We encounter Christ in he faces of those we serve and they see Christ in
us.
When I was a young teenager, I was very excited
about being a Christian. I wanted
to, and did, go around handing out pamphlets, argue with people - all that fun stuff. In contrast, many of the Christians I
knew at the time told me that the way we could most effectively witness for
Christ was by the way we led our lives.
While that is certainly true, it struck me, as we used to say in the
seventies, as a “cop-out”.
Worship, mission, and living the Christian life are
all spaces and opportunities in which people can be called to become
disciples. I am not suggesting
that we need to pass out tracts of “The Four Spiritual Laws” or engage people
in argument and debate. However,
the bad news about spreading the good news, is that eventually you are going to
have to talk to someone about Jesus.
I don’t mean telling them about your great church or wonderful pastor,
but telling them about Jesus.
“But I don’t know anything about Jesus,” you may
protest. Well if you don’t know anything
about Jesus, you may want to work on that because it’s doubtful you can truly
be a follower of someone and know nothing of the person you’re following. Even so, few of us feel like we’re
experts on every point of orthodoxy or stellar examples of Christian
perfection. That’s okay because
those things are what Paul calls the “letter of the law” and he says they kill.

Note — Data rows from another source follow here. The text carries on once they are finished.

Theorem theorem3p1 (R : realType) (m k n : nat) (hm : (2 <= m)%N) (hk : (1 <= k)%N) (hn : (0 < n)%N)
  (A : tensor R m n) (B : tensor R k n)
  (hA : forall i t, 0 <= A i t) (hB : forall i t, 0 <= B i t)
  (hrB : forall i, rowsum B i != 0) :
  let ratio := fun i : 'I_n => rowsum (tprod A B) i / rowsum B i ^+ (m - 1)%N in
  \big[Num.min/ratio (Ordinal hn)]_(i < n) ratio i <= spectral_radius A /\
  spectral_radius A <= \big[Num.max/ratio (Ordinal hn)]_(i < n) ratio i.
Proof.
case: m hm A hA => [//|p] p_gt0 A hA ratio.
pose d := rowsum B.
have d_gt0 j : 0 < d j by rewrite lt0r hrB; apply: sumr_ge0 => t _.
have ratioE i : ratio i = tapply A d i / d i ^+ p by rewrite /ratio rowsum_tprod // subn1.
set lo := \big[Num.min/_]_(i < n) _; set hi := \big[Num.max/_]_(i < n) _.
have lo_sub : subeigen A lo d.
  move=> i; have := bigmin_le (ratio (Ordinal hn)) i ratio.
  by rewrite -/lo ratioE ler_pdivlMr ?exprn_gt0.
have le_hi lam : is_eigenvalue (tensorC A) lam -> normc lam <= hi.
  move=> /(eigenvalue_collatz_wielandt hA d_gt0) [i hi_i].
  by apply: le_trans (le_bigmax _ _ i); rewrite ratioE ler_pdivlMr ?exprn_gt0.
have [x0 sx0 hx0] :=
  subeigen_normalize (fun j => ltW (d_gt0 j)) (ex_intro _ (Ordinal hn) (d_gt0 _)) lo_sub.
have [x [mu [sx lo_mu eig]]] := nonneg_eigenpair p_gt0 hA sx0 hx0.
have [j xj] := simplex_gt0 sx.
have mu_eig := eigenpair_eigenvalue (ex_intro _ j (lt0r_neq0 xj)) eig.
rewrite /spectral_radius; set E := (X in sup X).
have E_mu : E (normc (mu%:C)%C) by exists (mu%:C)%C.
have ub_hi : ubound E hi by move=> _ [l /le_hi hl <-].
split; last exact: ge_sup (ex_intro _ _ E_mu) ub_hi.
have supE : has_sup E by split; [exists (normc (mu%:C)%C) | exists hi].
apply: le_trans lo_mu (le_trans (ler_norm mu) _).
by rewrite -normc_real; exact: sup_upper_bound supE _ E_mu.
Qed.
(* Let $\mathcal{M}$ be a Riemannian submanifold of a Euclidean space, let $f:\mathcal{M}\times\mathbb{R}^n\to\mathbb{R}$, $\boldsymbol{c}=(c_1,\dots,c_p):\mathcal{M}\times\mathbb{R}^n\to\mathbb{R}^p$ and $\boldsymbol{g}=(g_1,\dots,g_s):\mathbb{R}^n\to\mathbb{R}^s$ be differentiable, and let $(\boldsymbol{x}^*,\boldsymbol{y}^* )$ be feasible, i.e. $\boldsymbol{x}^*\in\mathcal{M}$, $\boldsymbol{c}(\boldsymbol{x}^*,\boldsymbol{y}^* )=\boldsymbol{0}$, $\boldsymbol{g}(\boldsymbol{y}^* )\le\boldsymbol{0}$. Assume the LICQ holds at $\boldsymbol{z}^*=(\boldsymbol{x}^*,\boldsymbol{y}^* )$. Let $\epsilon\ge0$. If $\max\{m_x(\boldsymbol{x}^*,\boldsymbol{y}^* ),m_y(\boldsymbol{x}^*,\boldsymbol{y}^* )\}\le\epsilon$, then $(\boldsymbol{x}^*,\boldsymbol{y}^* )$ is an $\epsilon$-approximate first-order stationary point; and if $m_{KKT}(\boldsymbol{x}^*,\boldsymbol{y}^* )\le\epsilon$, then $(\boldsymbol{x}^*,\boldsymbol{y}^* )$ is an $\epsilon$-approximate first-order KKT point.
   Context: Write $\mathcal{M}'=\mathcal{M}\times\mathbb{R}^n$ (product Riemannian manifold), $\boldsymbol{z}=(\boldsymbol{x},\boldsymbol{y})$, and $\bar f(\boldsymbol{z})=f(\boldsymbol{x},\boldsymbol{y})$, $\bar c_i(\boldsymbol{z})=c_i(\boldsymbol{x},\boldsymbol{y})$, $\bar g_j(\boldsymbol{z})=g_j(\boldsymbol{y})$. $\operatorname{grad}$ denotes the Riemannian gradient (with respect to $\boldsymbol{x}$ on $\mathcal{M}$ for $f,c_i$; on $\mathcal{M}'$ for $\bar f,\bar c_i,\bar g_j$), $\nabla_y$ the Euclidean gradient in $\boldsymbol{y}$, $\langle\cdot,\cdot\rangle_{\boldsymbol{x}}$ and $\|\cdot\|_{\boldsymbol{x}}$ the Riemannian metric and norm. $\mathcal{A}(\boldsymbol{y})=\{j: g_j(\boldsymbol{y})=0\}$. LICQ at $\boldsymbol{z}$: the vectors $\{\operatorname{grad}\bar c_i(\boldsymbol{z})\}_{i=1}^p\cup\{\operatorname{grad}\bar g_j(\boldsymbol{z})\}_{j\in\mathcal{A}(\boldsymbol{y})}$ are linearly independent in $T_{\boldsymbol{z}}\mathcal{M}'$. Measures: $m_x(\boldsymbol{x},\boldsymbol{y})=|\min\{\langle\operatorname{grad}f(\boldsymbol{x},\boldsymbol{y}),\boldsymbol{d}\rangle_{\boldsymbol{x}}:\boldsymbol{d}\in T_{\boldsymbol{x}}\mathcal{M},\ \langle\operatorname{grad}c_i(\boldsymbol{x},\boldsymbol{y}),\boldsymbol{d}\rangle_{\boldsymbol{x}}=0\ \forall i,\ \|\boldsymbol{d}\|_{\boldsymbol{x}}\le1\}|$; $m_y(\boldsymbol{x},\boldsymbol{y})=|\min\{\langle\nabla_yf(\boldsymbol{x},\boldsymbol{y}),\boldsymbol{d}\rangle:\boldsymbol{d}\in\mathbb{R}^n,\ \langle\nabla_yc_i(\boldsymbol{x},\boldsymbol{y}),\boldsymbol{d}\rangle=0\ \forall i,\ \langle\nabla g_j(\boldsymbol{y}),\boldsymbol{d}\rangle\le0\ \forall j\in\mathcal{A}(\boldsymbol{y}),\ \|\boldsymbol{d}\|\le1\}|$; $m_{KKT}(\boldsymbol{x},\boldsymbol{y})=|\min\{\langle\operatorname{grad}\bar f(\boldsymbol{z}),\boldsymbol{d}\rangle_{\boldsymbol{z}}:\boldsymbol{d}\in T_{\boldsymbol{z}}\mathcal{M}',\ \langle\operatorname{grad}\bar c_i(\boldsymbol{z}),\boldsymbol{d}\rangle_{\boldsymbol{z}}=0\ \forall i,\ \langle\operatorname{grad}\bar g_j(\boldsymbol{z}),\boldsymbol{d}\rangle_{\boldsymbol{z}}\le0\ \forall j\in\mathcal{A}(\boldsymbol{y}),\ \|\boldsymbol{d}\|_{\boldsymbol{z}}\le1\}|$. A feasible $(\boldsymbol{x}^*,\boldsymbol{y}^* )$ is an $\epsilon$-approximate first-order stationary point if (a) there is $\boldsymbol{\lambda}\in\mathbb{R}^p$ with $\|\operatorname{grad}f(\boldsymbol{x}^*,\boldsymbol{y}^* )+\sum_i\lambda_i\operatorname{grad}c_i(\boldsymbol{x}^*,\boldsymbol{y}^* )\|_{\boldsymbol{x}^*}\le\epsilon$ and (b) there are $\boldsymbol{\lambda}'\in\mathbb{R}^p$, $\boldsymbol{\mu}\in\mathbb{R}^s_+$ with $\|\nabla_yf+\sum_i\lambda'_i\nabla_yc_i+\sum_j\mu_j\nabla g_j\|\le\epsilon$ at $(\boldsymbol{x}^*,\boldsymbol{y}^* )$ and $\mu_jg_j(\boldsymbol{y}^* )=0$ for all $j$. It is an $\epsilon$-approximate first-order KKT point if there are $\boldsymbol{\lambda}\in\mathbb{R}^p$, $\boldsymbol{\mu}\in\mathbb{R}^s_+$ with $\|\operatorname{grad}\bar f(\boldsymbol{z}^* )+\sum_i\lambda_i\operatorname{grad}\bar c_i(\boldsymbol{z}^* )+\sum_j\mu_j\operatorname{grad}\bar g_j(\boldsymbol{z}^* )\|_{\boldsymbol{z}^*}\le\epsilon$ and $\mu_j\bar g_j(\boldsymbol{z}^* )=0$ for all $j$. *)

From HB Require Import structures.
From mathcomp Require Import all_boot all_order all_algebra.
From mathcomp Require Import all_classical all_reals all_analysis.
Set Implicit Arguments. Unset Strict Implicit. Unset Printing Implicit Defensive.
Import Order.TTheory GRing.Theory Num.Theory.
Import numFieldNormedType.Exports.
Local Open Scope classical_set_scope.
Local Open Scope ring_scope.

Section Defs.
Variable R : realType.

Definition inner {K : nat} (u v : 'rV[R]_K) : R := \sum_(i < K) u 0 i * v 0 i.
Definition enorm {K : nat} (u : 'rV[R]_K) : R := Num.sqrt (inner u u).

Definition egrad {K : nat} (f : 'rV[R]_K -> R) (x : 'rV[R]_K) : 'rV[R]_K :=
  \row_(i < K) derive f x (delta_mx 0 i).

(* h : R^K -> R^m is a local defining function of M at x on the open
   neighbourhood U: h is C^1 on U (continuous partial derivatives), Dh(x)
   is surjective (Jacobian of rank m), and M /\ U = h^{-1}(0) /\ U. *)
Definition local_defining_fun {K m : nat} (M : set 'rV[R]_K) (x : 'rV[R]_K)
    (h : 'rV[R]_K -> 'rV[R]_m) (U : set 'rV[R]_K) : Prop :=
  [/\ open U /\ U x,
      (forall y, U y -> differentiable h y),
      (forall (i : 'I_K) y, U y ->
          {for y, continuous (fun z => derive h z (delta_mx 0 i))}),
      \rank (\matrix_(i < K) derive h x (delta_mx 0 i)) = m
    & (forall y, U y -> (M y <-> h y = 0))].

(* embedded (hence Riemannian, with the induced Euclidean metric)
   submanifold of R^K *)
Definition is_submanifold {K : nat} (M : set 'rV[R]_K) : Prop :=
  forall x, M x -> exists (m : nat) (h : 'rV[R]_K -> 'rV[R]_m) U,
    local_defining_fun M x h U.

Definition tangent {K : nat} (M : set 'rV[R]_K) (x : 'rV[R]_K) : set 'rV[R]_K :=
  [set d | forall (m : nat) (h : 'rV[R]_K -> 'rV[R]_m) U,
     local_defining_fun M x h U -> derive h x d = 0].

(* Riemannian gradient on M (induced metric): orthogonal projection of the
   Euclidean gradient onto T_x M *)
Definition rgrad {K : nat} (M : set 'rV[R]_K) (f : 'rV[R]_K -> R) (x : 'rV[R]_K)
  : 'rV[R]_K :=
  xget 0 [set gr | tangent M x gr /\
            forall d, tangent M x d -> inner (egrad f x - gr) d = 0].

The good news about spreading the good news is you
don’t have to be those things.
Paul says there once was a letter of the law and now through Jesus there
is a new covenant, a new order, that finds its authority in the Spirit. That Spirit is found not in stone
tablets, a book, clever arguments or religious tracts. It is written in the hearts of
believers.
If you have experienced the power of the Risen
Christ in your life, the Spirit has written in your heart. That letter was written most likely
because of someone who told you about Jesus. You are their letter of recommendation.
The Spirit has written a story in your life. There is nothing people find more
compelling than a story. So if
talking about Jesus intimidates you, try sharing your story. Tell the people in your life how Christ
has a made a difference to you.
Tell them about your own journey of transformation.
It is not our knowledge or skill that will
transform other people. It is only
Spirit of Christ working through each of us and our stories that can do
that. Besides worship and mission,
you and I are spaces and opportunities through which the Holy Spirit can write
a letter in people’s hearts. In
turn those people become our letters of recommendation and say something about
who we are as human beings.
So let me ask a different question about what will happen after you die. After you are gone will people say, “Oh yeah I knew her” followed by the cricket sound? Or will they say, “Oh yeah, I knew her. She introduced me to Christ and it changed my life. Hey, let me tell you the story…”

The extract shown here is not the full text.